News The Walt Disney Company Board of Directors Extends Robert A. Iger’s Contract as CEO Through 2026

Vegas Disney Fan

Well-Known Member
Nothing Bob has proposed since his he dismounted his white horse 18 months ago indicate any “improvement” to the problems that were hatched under his previous reign.

Not one of them.

We can agree to disagree.
This is where my discontent comes from also, I wasn’t expecting shovels in the ground within the first year or 2 but hugely unpopular changes like Genie, Magical Express, the reservation system, etc are all problems that should have been resolved in the first 6 months and haven’t been. The fact they haven’t changed any of the easy stuff makes me skeptical of their promises on the big stuff.

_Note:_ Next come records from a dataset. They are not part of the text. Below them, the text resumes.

Definition act (n : nat) (g : 'M[R]_n) (hg : g \in unitmx) (x : Proj n) : Proj n :=
  exist _ <<val x *m g^T>>%MS (act_line_proof hg (valP x)).

Definition sign_det (n : nat) (g : 'M[R]_n) : R :=
  if Rlt_dec R0 (\det g) then 1 else -1.

Definition equivariant (n k : nat) (f : ('I_k -> Proj n) -> R) : Prop :=
  forall (g : 'M[R]_n) (hg : g \in unitmx) (x : 'I_k -> Proj n),
    f (fun i => act hg (x i)) = sign_det g * f x.

(* Homogeneous coboundary:
   df(x_0,...,x_{k}) = sum_{i=0}^{k} (-1)^i f(x_0,..,^x_i,..,x_{k}).
   The face omitting x_i is j |-> x (lift i j). *)
Definition coboundary (n k : nat) (f : ('I_k -> Proj n) -> R)
  (x : 'I_k.+1 -> Proj n) : R :=
  \sum_(i < k.+1) (-1) ^+ i * f (fun j => x (lift i j)).

(* If all but one of the points x_i lie on a hyperplane H, the reflection in H
   along the remaining point (or along any vector off H) has determinant -1 and
   fixes every x_i, so equivariance gives f x = - f x = 0.  Hence f x <> 0 puts x
   in general position: in a suitable basis x = ([1:...:1], [e_1], ..., [e_n]).
   Appending [e_1 + e_2] gives a configuration y whose faces other than x all
   have n of their n + 1 points on a coordinate hyperplane (this needs n >= 3),
   so (df) y = +- f x <> 0. *)

From HB Require Import structures.
From Stdlib Require Import Reals Lra FunctionalExtensionality.
From mathcomp Require Import all_boot all_order all_algebra.
Import GRing.Theory.
Local Open Scope ring_scope.

Set Implicit Arguments.
Unset Strict Implicit.
Unset Printing Implicit Defensive.

Lemma det_add_rank1 (F : comNzRingType) n (u : 'cV[F]_n) (v : 'rV[F]_n) :
  \det (1%:M + u *m v) = 1 + (v *m u) 0 0.
Proof.
have e1 : block_mx (1%:M : 'M_1) (- v) u 1%:M =
   block_mx 1%:M 0 u 1%:M *m block_mx 1%:M (- v) 0 (1%:M + u *m v).
  rewrite mulmx_block !(mulmx1, mul1mx, mul0mx, mulmx0, addr0, add0r).
  by rewrite mulmxN addrCA addNr addr0.
have e2 : block_mx (1%:M : 'M_1) (- v) u 1%:M =
   block_mx (1%:M + v *m u) (- v) 0 1%:M *m block_mx 1%:M 0 u 1%:M.
  rewrite mulmx_block !(mulmx1, mul1mx, mul0mx, mulmx0, addr0, add0r).
  by rewrite mulNmx addrK.
have := congr1 determinant e1; rewrite e2 !det_mulmx !det_ublock !det_lblock.
rewrite !det1 !mulr1 !mul1r det_mx11 => <-.
by rewrite !mxE.
Qed.

Section Reflection.

Variables (F : fieldType) (n : nat) (c : 'rV[F]_n) (phi : 'cV[F]_n).
Hypothesis c_phi_neq0 : (c *m phi) 0 0 != 0.

Definition reflection : 'M[F]_n := 1%:M - (2 / (c *m phi) 0 0) *: (phi *m c).

Lemma det_reflection : \det reflection = -1.
Proof.
rewrite /reflection -scaleNr scalemxAl det_add_rank1.
by rewrite -scalemxAr mxE mulNr divfK // mulr2n opprD addrA subrr add0r.
Qed.

Lemma mulmx_reflection_ker m (A : 'M[F]_(m, n)) :
  A *m phi = 0 -> A *m reflection = A.
Proof.
by move=> hA; rewrite mulmxBr mulmx1 -scalemxAr mulmxA hA mul0mx scaler0 subr0.
Qed.

Lemma mulmx_reflection_axis : c *m reflection = - c.
Proof.
rewrite mulmxBr mulmx1 -scalemxAr mulmxA.
rewrite {2}[c *m phi]mx11_scalar mul_scalar_mx.
by rewrite scalerA divfK // scaler_nat mulr2n opprD addrA subrr add0r.
Qed.

End Reflection.

Lemma separating_functional (F : fieldType) m n (U : 'M[F]_(m, n)) (c : 'rV[F]_n) :
  ~~ (c <= U)%MS -> exists2 phi : 'cV[F]_n, (c *m phi) 0 0 != 0 & U *m phi = 0.
Proof.
rewrite submxE => hc.
have [j hj] : exists j, (c *m cokermx U) 0 j != 0.
  apply/existsP; rewrite -negb_forall; apply: contra hc => /forallP h0.
  by apply/eqP/matrixP => i j; rewrite ord1 [RHS]mxE; apply/eqP/h0.
exists (cokermx U *m delta_mx j 0); first by rewrite mulmxA -colE mxE.
by rewrite mulmxA mulmx_coker mul0mx.
Qed.

Lemma kermx_not_full (F : fieldType) n p (psi : 'M[F]_(n, p)) :
  psi != 0 -> ~~ row_full (kermx psi).
Proof.
apply: contra => /row_fullP [B hB]; apply/eqP.
by rewrite -[psi]mul1mx -hB -mulmxA mulmx_ker mulmx0.
Qed.

Lemma mx11_eq0 (F : nmodType) (A : 'M[F]_1) : (A == 0) = (A 0 0 == 0).
Proof.
apply/eqP/eqP => [-> | h]; first by rewrite mxE.
by apply/matrixP => i j; rewrite !ord1 h mxE.
Qed.

Lemma invmx_mulmx_neq0 (F : fieldType) n p (W : 'M[F]_n) (psi : 'M[F]_(n, p)) :
  W \in unitmx -> psi != 0 -> invmx W *m psi != 0.
Proof. by move=> hW; apply: contra_neq => h; rewrite -(mulKVmx hW psi) h mulmx0. Qed.

Lemma genmx_mulmx_sub_kermx (F : fieldType) n p (W : 'M[F]_n) (v : 'rV[F]_n)
    (psi : 'M[F]_(n, p)) :
  W \in unitmx -> (<<v *m W>> <= kermx (invmx W *m psi))%MS = (v *m psi == 0).
Proof. by move=> hW; rewrite genmxE; apply/sub_kermxP/eqP; rewrite mulmxA mulmxK. Qed.

Lemma genmx_scale (F : fieldType) m n (a : F) (A : 'M[F]_(m, n)) :
  a != 0 -> <<a *: A>>%MS = <<A>>%MS.
Proof. by move=> ha; apply/genmxP/eqmxP; exact: eqmx_scale. Qed.

(* The projective frame [1:...:1], [e_1], ..., [e_n], indexed by t = 0, ..., n;
   every index t > n gives the extra point [e_1 + e_2]. *)
Definition frame (F : nzRingType) n (t : nat) : 'rV[F]_n :=
  \row_(k < n) if t == 0%N then 1 else if (t <= n)%N then (t.-1 == k)%:R
               else (k <= 1)%N%:R.

Section Frame.

Variables (F : nzRingType) (n : nat).

Lemma frame0 : frame F n 0 = const_mx 1.
Proof. by apply/rowP => k; rewrite !mxE. Qed.

Lemma frameS (l : 'I_n) : frame F n l.+1 = delta_mx 0 l.
Proof. by apply/rowP => k; rewrite !mxE /= ltn_ord eq_sym. Qed.

Lemma frame_neq0 t : (0 < n)%N -> frame F n t != 0.
Proof.
case: n => // m _; apply/negP => /eqP /rowP.
have [|t_gt] := leqP t m.+1; last first.
  move/(_ ord0); rewrite !mxE /= leqNgt t_gt /=.
  by case: (t == 0%N) => /eqP; rewrite oner_eq0.
case: t => [_|t t_le]; first by move/(_ ord0); rewrite !mxE /= => /eqP; rewrite oner_eq0.
by move/(_ (inord t)); rewrite !mxE /= t_le inordK // eqxx => /eqP; rewrite oner_eq0.
Qed.

Lemma frame_face_hyperplane i : (3 <= n)%N -> (i <= n)%N ->
  exists tq (psi : 'cV[F]_n), [/\ (tq < n.+2)%N, tq != i,
    (frame F n tq *m psi) 0 0 != 0 &
    forall t, t != i -> t != tq -> (frame F n t *m psi) 0 0 = 0].
Proof.
move=> n_ge3 i_le.
have coordE (k : 'I_n) t : (frame F n t *m delta_mx k (0 : 'I_1)) 0 0 = frame F n t 0 k.
  by rewrite -colE mxE.
have coordBE (k l : 'I_n) t :
    (frame F n t *m (delta_mx k (0 : 'I_1) - delta_mx l (0 : 'I_1))) 0 0 =
    frame F n t 0 k - frame F n t 0 l.
  by rewrite mulmxBr -!colE !mxE.
have e0 : (0 < n)%N by apply: leq_trans n_ge3.
have e1 : (1 < n)%N by apply: leq_trans n_ge3.
have e2 : (2 < n)%N by [].
case: i i_le => [|[|[|s]]] i_le.
- exists 3%N, (delta_mx (Ordinal e2) 0); split => //.
    by rewrite coordE mxE /= n_ge3 oner_neq0.
  move=> t ti tq; rewrite coordE mxE.
  by case: t ti tq => [|[|[|[|t]]]] //= _ _; case: ifP.
- exists 2%N, (delta_mx (Ordinal e1) 0 - delta_mx (Ordinal e0) 0); split => //.
    by rewrite coordBE !mxE /= e1 subr0 oner_neq0.
  move=> t ti tq; rewrite coordBE !mxE.
  by case: t ti tq => [|[|[|t]]] //= _ _; [rewrite subrr | case: ifP; rewrite ?subrr].
- exists 1%N, (delta_mx (Ordinal e0) 0 - delta_mx (Ordinal e1) 0); split => //.
    by rewrite coordBE !mxE /= e0 subr0 oner_neq0.
  move=> t ti tq; rewrite coordBE !mxE.
  by case: t ti tq => [|[|[|t]]] //= _ _; [rewrite subrr | case: ifP; rewrite ?subrr].
- exists 0%N, (delta_mx (Ordinal i_le) 0); split => //.
    by rewrite coordE mxE /= oner_neq0.
  move=> t ti tq; rewrite coordE mxE.
  case: t ti tq => [|t] //=; rewrite eqSS => ti _.
  by rewrite (negbTE ti); case: ifP.
Qed.

End Frame.

Lemma line_genmx n (L : Proj n) : <<val L>>%MS = val L.
Proof. by case/andP: (valP L) => _ /eqP. Qed.

Lemma line_nz_rowE n (L : Proj n) : val L = <<nz_row (val L)>>%MS.
Proof.
case/andP: (valP L) => /eqP hr _.
have hL : val L != 0 by apply/eqP => h0; move: hr; rewrite h0 mxrank0.
rewrite -[LHS]line_genmx; apply/genmxP; rewrite /eqmx nz_row_sub andbT.
by rewrite -(mxrank_leqif_sup (nz_row_sub _)).2 rank_rV nz_row_eq0 hL hr.
Qed.
(* Let $C$ be a configuration of a finite labeled prime event structure and let $e_1,e_2\in C$ be concurrent events. Then $T(C)=T(C_{e_1<e_2})\cup T(C_{e_2<e_1})$ and $T(C_{e_1<e_2})\cap T(C_{e_2<e_1})=\emptyset$.
   Context: A finite labeled prime event structure is $\langle E,<,\#,h\rangle$ with finite $E$, strict partial order $<$ (causality), labeling $h$, and symmetric irreflexive conflict relation $\#$ closed under $<$. A configuration is a left-closed, conflict-free subset of $E$. Events $e,e'$ are concurrent if $e\neq e'$, neither $e<e'$ nor $e'<e$, and not $e\#e'$. $T(C)$ is the set of traces of $C$: sequences in which every event of $C$ occurs exactly once and $e_i<e_j$ implies $i<j$. The split $C_{e_1<e_2}$ is the structure with event set $C$, causality $(<\cup\{(e_1,e_2)\})^+$ restricted to $C\times C$ ($^+$ denoting transitive closure), no conflicts, and labeling $h|_C$; $T(C_{e_1<e_2})$ is the set of sequences listing every event of $C$ exactly once and respecting this enlarged causality. *)

From mathcomp Require Import all_boot.
From Stdlib Require Import Relations.
Set Implicit Arguments. Unset Strict Implicit. Unset Printing Implicit Defensive.

Definition is_pes (E : finType) (L : Type) (lt cf : rel E) (h : E -> L) : Prop :=
  (forall e, ~~ lt e e) /\
  (forall e1 e2 e3, lt e1 e2 -> lt e2 e3 -> lt e1 e3) /\
  (forall e, ~~ cf e e) /\
  (forall e1 e2, cf e1 e2 -> cf e2 e1) /\
  (forall e1 e2 e3, cf e1 e2 -> lt e2 e3 -> cf e1 e3).

Definition is_configuration (E : finType) (lt cf : rel E) (C : {set E}) : Prop :=
  (forall e e', e' \in C -> lt e e' -> e \in C) /\
  (forall e e', e \in C -> e' \in C -> ~~ cf e e').

Definition concurrent (E : finType) (lt cf : rel E) (e e' : E) : Prop :=
  e <> e' /\ ~~ lt e e' /\ ~~ lt e' e /\ ~~ cf e e'.

Definition traces_rel (E : finType) (C : {set E}) (R : E -> E -> Prop)
  (s : seq E) : Prop :=
  uniq s /\ (forall x, (x \in s) = (x \in C)) /\
  (forall x y, x \in s -> y \in s -> R x y -> index x s < index y s).

Definition traces (E : finType) (lt : rel E) (C : {set E}) : seq E -> Prop :=
  traces_rel C (fun x y => lt x y).

Definition split_lt (E : finType) (lt : rel E) (C : {set E}) (e1 e2 : E)
  : E -> E -> Prop :=
  fun x y => x \in C /\ y \in C /\
    clos_trans E (fun a b => lt a b \/ (a = e1 /\ b = e2)) x y.

Definition split_traces (E : finType) (lt : rel E) (C : {set E}) (e1 e2 : E)
  : seq E -> Prop :=
  traces_rel C (split_lt lt C e1 e2).

(* A trace of C lists e1 and e2 in one of two orders, and it is a trace of the
   split that adds that order: every step of the enlarged causality either is a
   step of < inside the left-closed set C, which the trace already respects, or
   is the added pair, which it respects by choice of the split.  Conversely a
   split trace is a trace of C, and no sequence can put e1 both before and
   after e2. *)
From mathcomp Require Import all_boot.
From Stdlib Require Import Relations.

Lemma clos_trans_ltn_down {T : Type} (P : T -> Prop) (m : T -> nat)
    {R : T -> T -> Prop} :
  (forall a b, R a b -> P b -> P a /\ m a < m b) ->
  forall x y, clos_trans T R x y -> P y -> P x /\ m x < m y.
Proof.
move=> Rdown x y; elim=> {x y} [a b /Rdown //|a b c _ IHab _ IHbc Pc].
have [Pb mbc] := IHbc Pc; have [Pa mab] := IHab Pb.
by split=> //; apply: ltn_trans mbc.
Qed.

Section Traces.

Variables (E : finType) (C : {set E}).

Lemma traces_rel_sub (R R' : E -> E -> Prop) (s : seq E) :
  (forall x y, x \in C -> y \in C -> R x y -> R' x y) ->
  traces_rel C R' s -> traces_rel C R s.
Proof.
move=> RR' [s_uniq [s_C R's]]; split=> //; split=> // x y xs ys Rxy.
by apply: R's => //; apply: RR'; rewrite -?s_C.
Qed.

Lemma traces_rel_index_lt (R : E -> E -> Prop) (s : seq E) x y :
  traces_rel C R s -> x \in C -> y \in C -> R x y -> index x s < index y s.
Proof. by move=> [_ [s_C Rs]] xC yC; apply: Rs; rewrite s_C. Qed.

Variables (lt : rel E) (e1 e2 : E).

Lemma split_traces_traces s : split_traces lt C e1 e2 s -> traces lt C s.
Proof.
apply: traces_rel_sub => x y xC yC ltxy.
by do 2!split=> //; apply: t_step; left.
Qed.

Lemma split_traces_index_lt s :
  e1 \in C -> e2 \in C -> split_traces lt C e1 e2 s -> index e1 s < index e2 s.
Proof.
move=> e1C e2C /traces_rel_index_lt; apply=> //.
by do 2!split=> //; apply: t_step; right.
Qed.

Hypothesis C_left_closed : forall e e', e' \in C -> lt e e' -> e \in C.

Lemma traces_split_traces s :
  e1 \in C -> index e1 s < index e2 s -> traces lt C s -> split_traces lt C e1 e2 s.
Proof.
move=> e1C e12 tr; have [s_uniq [s_C _]] := tr.
split=> //; split=> // x y _ _ [_ [yC xy]].
suff : x \in C /\ index x s < index y s by move=> [].
apply: (clos_trans_ltn_down (fun z => z \in C) (index^~ s) _ _ _ xy yC)
  => a b [ltab | [-> ->]] bC //.
have aC := C_left_closed _ _ bC ltab.
by split=> //; apply: traces_rel_index_lt tr aC bC ltab.
Qed.

End Traces.

Theorem lemma11 (E : finType) (L : Type) (lt cf : rel E) (h : E -> L)
  (C : {set E}) (e1 e2 : E) :
  is_pes lt cf h ->
  is_configuration lt cf C ->
  e1 \in C -> e2 \in C ->
  concurrent lt cf e1 e2 ->
  (forall s : seq E,
     traces lt C s <-> (split_traces lt C e1 e2 s \/ split_traces lt C e2 e1 s)) /\
  (forall s : seq E,
     ~ (split_traces lt C e1 e2 s /\ split_traces lt C e2 e1 s)).
Proof.
move=> _ [C_left_closed _] e1C e2C [e1_neq_e2 _].
split=> s; last first.
  move=> [/split_traces_index_lt e12 /split_traces_index_lt e21].
  by move: (ltn_trans (e12 e1C e2C) (e21 e2C e1C)); rewrite ltnn.
split; last by case=> /split_traces_traces.
move=> tr; have [_ [s_C _]] := tr.
have e1s : e1 \in s by rewrite s_C.
have e2s : e2 \in s by rewrite s_C.
case: (ltngtP (index e1 s) (index e2 s)) => [e12 | e21 | /index_inj e12].
- by left; apply: traces_split_traces.
- by right; apply: traces_split_traces.
- by case: e1_neq_e2; apply: e12.
Qed.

I know he’s been dealing with bigger problems like the movie failures, D+ loses, the fight with FL, a proxy fight, etc but he hasn’t thrown us fans a single bone anywhere. If I was a stockholder I’d probably be pretty pleased right now but as a Disney parks and movies fan this is the darkest time in 40 years.
 

Sirwalterraleigh

Premium Member
@Sirwalterraleigh ,
Stop with the misplaced skepticism. Those same people from Burbank went to D23 2019 and stood on stage and promised a rejuvenated Spaceship Earth, a new Play! pavilion, a Mary Poppins attraction, a new festival center, and a new China 360 film.
But…but…
Did something significant happen in 2020?
Indeed…epic universe construction accelerated greatly
 

Sirwalterraleigh

Premium Member
This is where my discontent comes from also, I wasn’t expecting shovels in the ground within the first year or 2 but hugely unpopular changes like Genie, Magical Express, the reservation system, etc are all problems that should have been resolved in the first 6 months and haven’t been. The fact they haven’t changed any of the easy stuff makes me skeptical of their promises on the big stuff.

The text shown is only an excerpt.